Repeat the material below. Keep every line exactly as written.

## Records supplied
——————

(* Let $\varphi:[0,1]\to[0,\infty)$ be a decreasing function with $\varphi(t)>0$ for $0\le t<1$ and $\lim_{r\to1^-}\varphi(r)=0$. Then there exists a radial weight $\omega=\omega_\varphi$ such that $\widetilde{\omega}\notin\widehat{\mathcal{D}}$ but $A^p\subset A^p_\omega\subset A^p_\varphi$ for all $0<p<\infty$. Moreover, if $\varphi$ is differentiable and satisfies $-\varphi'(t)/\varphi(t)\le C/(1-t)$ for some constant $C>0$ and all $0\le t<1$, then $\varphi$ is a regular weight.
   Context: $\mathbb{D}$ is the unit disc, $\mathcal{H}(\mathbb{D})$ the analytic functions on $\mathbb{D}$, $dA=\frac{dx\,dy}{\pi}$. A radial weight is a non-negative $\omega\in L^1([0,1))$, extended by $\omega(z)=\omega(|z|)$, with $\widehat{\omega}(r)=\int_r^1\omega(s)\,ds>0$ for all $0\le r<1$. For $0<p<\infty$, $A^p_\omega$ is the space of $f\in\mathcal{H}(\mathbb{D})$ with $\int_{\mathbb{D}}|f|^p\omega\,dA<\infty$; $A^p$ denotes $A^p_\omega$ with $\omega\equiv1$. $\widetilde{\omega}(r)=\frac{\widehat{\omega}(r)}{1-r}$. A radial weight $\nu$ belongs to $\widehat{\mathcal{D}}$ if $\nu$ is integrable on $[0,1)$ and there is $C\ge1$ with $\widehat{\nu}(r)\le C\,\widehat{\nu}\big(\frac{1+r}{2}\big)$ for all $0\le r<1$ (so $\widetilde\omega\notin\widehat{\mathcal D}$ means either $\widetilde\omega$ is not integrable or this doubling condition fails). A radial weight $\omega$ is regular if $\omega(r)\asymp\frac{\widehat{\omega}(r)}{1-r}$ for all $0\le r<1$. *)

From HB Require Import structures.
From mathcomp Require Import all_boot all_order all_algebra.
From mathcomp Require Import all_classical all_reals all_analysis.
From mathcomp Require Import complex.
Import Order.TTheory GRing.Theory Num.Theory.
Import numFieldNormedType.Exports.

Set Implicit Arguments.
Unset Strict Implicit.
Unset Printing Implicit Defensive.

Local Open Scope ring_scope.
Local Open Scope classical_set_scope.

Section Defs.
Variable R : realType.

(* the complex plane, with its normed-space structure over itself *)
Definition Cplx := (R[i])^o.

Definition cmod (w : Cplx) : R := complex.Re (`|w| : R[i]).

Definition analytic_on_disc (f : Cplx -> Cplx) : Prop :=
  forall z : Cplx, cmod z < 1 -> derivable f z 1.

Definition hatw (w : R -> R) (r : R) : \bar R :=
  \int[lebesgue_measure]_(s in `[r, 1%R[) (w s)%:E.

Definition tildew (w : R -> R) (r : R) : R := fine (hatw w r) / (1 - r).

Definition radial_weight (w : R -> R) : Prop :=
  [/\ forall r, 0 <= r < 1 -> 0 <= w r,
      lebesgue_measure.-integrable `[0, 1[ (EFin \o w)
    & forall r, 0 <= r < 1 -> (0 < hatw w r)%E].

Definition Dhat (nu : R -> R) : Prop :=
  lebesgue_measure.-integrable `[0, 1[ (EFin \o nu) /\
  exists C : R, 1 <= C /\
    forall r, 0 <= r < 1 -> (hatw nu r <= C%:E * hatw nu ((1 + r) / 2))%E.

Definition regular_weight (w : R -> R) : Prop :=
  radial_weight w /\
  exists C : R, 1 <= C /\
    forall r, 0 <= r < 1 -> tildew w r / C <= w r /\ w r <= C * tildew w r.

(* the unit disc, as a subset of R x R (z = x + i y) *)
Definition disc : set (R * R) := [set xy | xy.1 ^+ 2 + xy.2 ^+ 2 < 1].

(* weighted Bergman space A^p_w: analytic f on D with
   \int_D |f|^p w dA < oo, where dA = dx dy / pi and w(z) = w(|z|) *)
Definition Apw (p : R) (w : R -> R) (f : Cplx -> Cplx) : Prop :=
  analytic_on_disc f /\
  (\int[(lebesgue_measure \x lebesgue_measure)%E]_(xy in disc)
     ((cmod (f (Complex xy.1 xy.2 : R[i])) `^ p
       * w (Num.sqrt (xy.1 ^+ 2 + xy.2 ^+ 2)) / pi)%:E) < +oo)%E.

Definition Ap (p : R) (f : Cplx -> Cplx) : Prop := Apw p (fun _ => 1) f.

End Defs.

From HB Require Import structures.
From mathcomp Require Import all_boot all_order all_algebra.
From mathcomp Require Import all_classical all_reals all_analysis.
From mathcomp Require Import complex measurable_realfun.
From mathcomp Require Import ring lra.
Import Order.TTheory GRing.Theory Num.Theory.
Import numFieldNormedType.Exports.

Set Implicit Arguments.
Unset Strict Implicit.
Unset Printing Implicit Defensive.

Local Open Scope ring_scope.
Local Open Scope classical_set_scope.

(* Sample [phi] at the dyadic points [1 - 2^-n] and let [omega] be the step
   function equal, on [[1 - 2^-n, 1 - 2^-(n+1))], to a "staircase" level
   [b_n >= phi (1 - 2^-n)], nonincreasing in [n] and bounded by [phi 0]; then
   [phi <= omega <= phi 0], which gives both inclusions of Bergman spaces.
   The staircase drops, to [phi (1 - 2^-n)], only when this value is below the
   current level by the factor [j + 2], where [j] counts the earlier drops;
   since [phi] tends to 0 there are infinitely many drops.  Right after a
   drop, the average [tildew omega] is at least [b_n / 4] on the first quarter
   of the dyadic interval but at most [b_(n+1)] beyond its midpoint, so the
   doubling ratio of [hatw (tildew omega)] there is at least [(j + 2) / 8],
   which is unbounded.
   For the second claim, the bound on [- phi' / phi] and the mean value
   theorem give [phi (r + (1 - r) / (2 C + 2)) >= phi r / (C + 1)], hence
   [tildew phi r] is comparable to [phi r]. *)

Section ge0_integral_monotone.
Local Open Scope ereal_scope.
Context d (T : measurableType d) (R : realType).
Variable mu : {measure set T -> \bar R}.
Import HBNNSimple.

——————

## Solution
(* Let $\varphi:[0,1]\to[0,\infty)$ be a decreasing function with $\varphi(t)>0$ for $0\le t<1$ and $\lim_{r\to1^-}\varphi(r)=0$. Then there exists a radial weight $\omega=\omega_\varphi$ such that $\widetilde{\omega}\notin\widehat{\mathcal{D}}$ but $A^p\subset A^p_\omega\subset A^p_\varphi$ for all $0<p<\infty$. Moreover, if $\varphi$ is differentiable and satisfies $-\varphi'(t)/\varphi(t)\le C/(1-t)$ for some constant $C>0$ and all $0\le t<1$, then $\varphi$ is a regular weight.
   Context: $\mathbb{D}$ is the unit disc, $\mathcal{H}(\mathbb{D})$ the analytic functions on $\mathbb{D}$, $dA=\frac{dx\,dy}{\pi}$. A radial weight is a non-negative $\omega\in L^1([0,1))$, extended by $\omega(z)=\omega(|z|)$, with $\widehat{\omega}(r)=\int_r^1\omega(s)\,ds>0$ for all $0\le r<1$. For $0<p<\infty$, $A^p_\omega$ is the space of $f\in\mathcal{H}(\mathbb{D})$ with $\int_{\mathbb{D}}|f|^p\omega\,dA<\infty$; $A^p$ denotes $A^p_\omega$ with $\omega\equiv1$. $\widetilde{\omega}(r)=\frac{\widehat{\omega}(r)}{1-r}$. A radial weight $\nu$ belongs to $\widehat{\mathcal{D}}$ if $\nu$ is integrable on $[0,1)$ and there is $C\ge1$ with $\widehat{\nu}(r)\le C\,\widehat{\nu}\big(\frac{1+r}{2}\big)$ for all $0\le r<1$ (so $\widetilde\omega\notin\widehat{\mathcal D}$ means either $\widetilde\omega$ is not integrable or this doubling condition fails). A radial weight $\omega$ is regular if $\omega(r)\asymp\frac{\widehat{\omega}(r)}{1-r}$ for all $0\le r<1$. *)

From HB Require Import structures.
From mathcomp Require Import all_boot all_order all_algebra.
From mathcomp Require Import all_classical all_reals all_analysis.
From mathcomp Require Import complex.
Import Order.TTheory GRing.Theory Num.Theory.
Import numFieldNormedType.Exports.

Set Implicit Arguments.
Unset Strict Implicit.
Unset Printing Implicit Defensive.

Local Open Scope ring_scope.
Local Open Scope classical_set_scope.

Section Defs.
Variable R : realType.

(* the complex plane, with its normed-space structure over itself *)
Definition Cplx := (R[i])^o.

Definition cmod (w : Cplx) : R := complex.Re (`|w| : R[i]).

Definition analytic_on_disc (f : Cplx -> Cplx) : Prop :=
  forall z : Cplx, cmod z < 1 -> derivable f z 1.

Definition hatw (w : R -> R) (r : R) : \bar R :=
  \int[lebesgue_measure]_(s in `[r, 1%R[) (w s)%:E.

Definition tildew (w : R -> R) (r : R) : R := fine (hatw w r) / (1 - r).

Definition radial_weight (w : R -> R) : Prop :=
  [/\ forall r, 0 <= r < 1 -> 0 <= w r,
      lebesgue_measure.-integrable `[0, 1[ (EFin \o w)
    & forall r, 0 <= r < 1 -> (0 < hatw w r)%E].

Definition Dhat (nu : R -> R) : Prop :=
  lebesgue_measure.-integrable `[0, 1[ (EFin \o nu) /\
  exists C : R, 1 <= C /\
    forall r, 0 <= r < 1 -> (hatw nu r <= C%:E * hatw nu ((1 + r) / 2))%E.

Definition regular_weight (w : R -> R) : Prop :=
  radial_weight w /\
  exists C : R, 1 <= C /\
    forall r, 0 <= r < 1 -> tildew w r / C <= w r /\ w r <= C * tildew w r.

(* the unit disc, as a subset of R x R (z = x + i y) *)
Definition disc : set (R * R) := [set xy | xy.1 ^+ 2 + xy.2 ^+ 2 < 1].

(* weighted Bergman space A^p_w: analytic f on D with
   \int_D |f|^p w dA < oo, where dA = dx dy / pi and w(z) = w(|z|) *)
Definition Apw (p : R) (w : R -> R) (f : Cplx -> Cplx) : Prop :=
  analytic_on_disc f /\
  (\int[(lebesgue_measure \x lebesgue_measure)%E]_(xy in disc)
     ((cmod (f (Complex xy.1 xy.2 : R[i])) `^ p
       * w (Num.sqrt (xy.1 ^+ 2 + xy.2 ^+ 2)) / pi)%:E) < +oo)%E.

Definition Ap (p : R) (f : Cplx -> Cplx) : Prop := Apw p (fun _ => 1) f.

End Defs.

From HB Require Import structures.
From mathcomp Require Import all_boot all_order all_algebra.
From mathcomp Require Import all_classical all_reals all_analysis.
From mathcomp Require Import complex measurable_realfun.
From mathcomp Require Import ring lra.
Import Order.TTheory GRing.Theory Num.Theory.
Import numFieldNormedType.Exports.

Set Implicit Arguments.
Unset Strict Implicit.
Unset Printing Implicit Defensive.

Local Open Scope ring_scope.
Local Open Scope classical_set_scope.

(* Sample [phi] at the dyadic points [1 - 2^-n] and let [omega] be the step
   function equal, on [[1 - 2^-n, 1 - 2^-(n+1))], to a "staircase" level
   [b_n >= phi (1 - 2^-n)], nonincreasing in [n] and bounded by [phi 0]; then
   [phi <= omega <= phi 0], which gives both inclusions of Bergman spaces.
   The staircase drops, to [phi (1 - 2^-n)], only when this value is below the
   current level by the factor [j + 2], where [j] counts the earlier drops;
   since [phi] tends to 0 there are infinitely many drops.  Right after a
   drop, the average [tildew omega] is at least [b_n / 4] on the first quarter
   of the dyadic interval but at most [b_(n+1)] beyond its midpoint, so the
   doubling ratio of [hatw (tildew omega)] there is at least [(j + 2) / 8],
   which is unbounded.
   For the second claim, the bound on [- phi' / phi] and the mean value
   theorem give [phi (r + (1 - r) / (2 C + 2)) >= phi r / (C + 1)], hence
   [tildew phi r] is comparable to [phi r]. *)

Section ge0_integral_monotone.
Local Open Scope ereal_scope.
Context d (T : measurableType d) (R : realType).
Variable mu : {measure set T -> \bar R}.
Import HBNNSimple.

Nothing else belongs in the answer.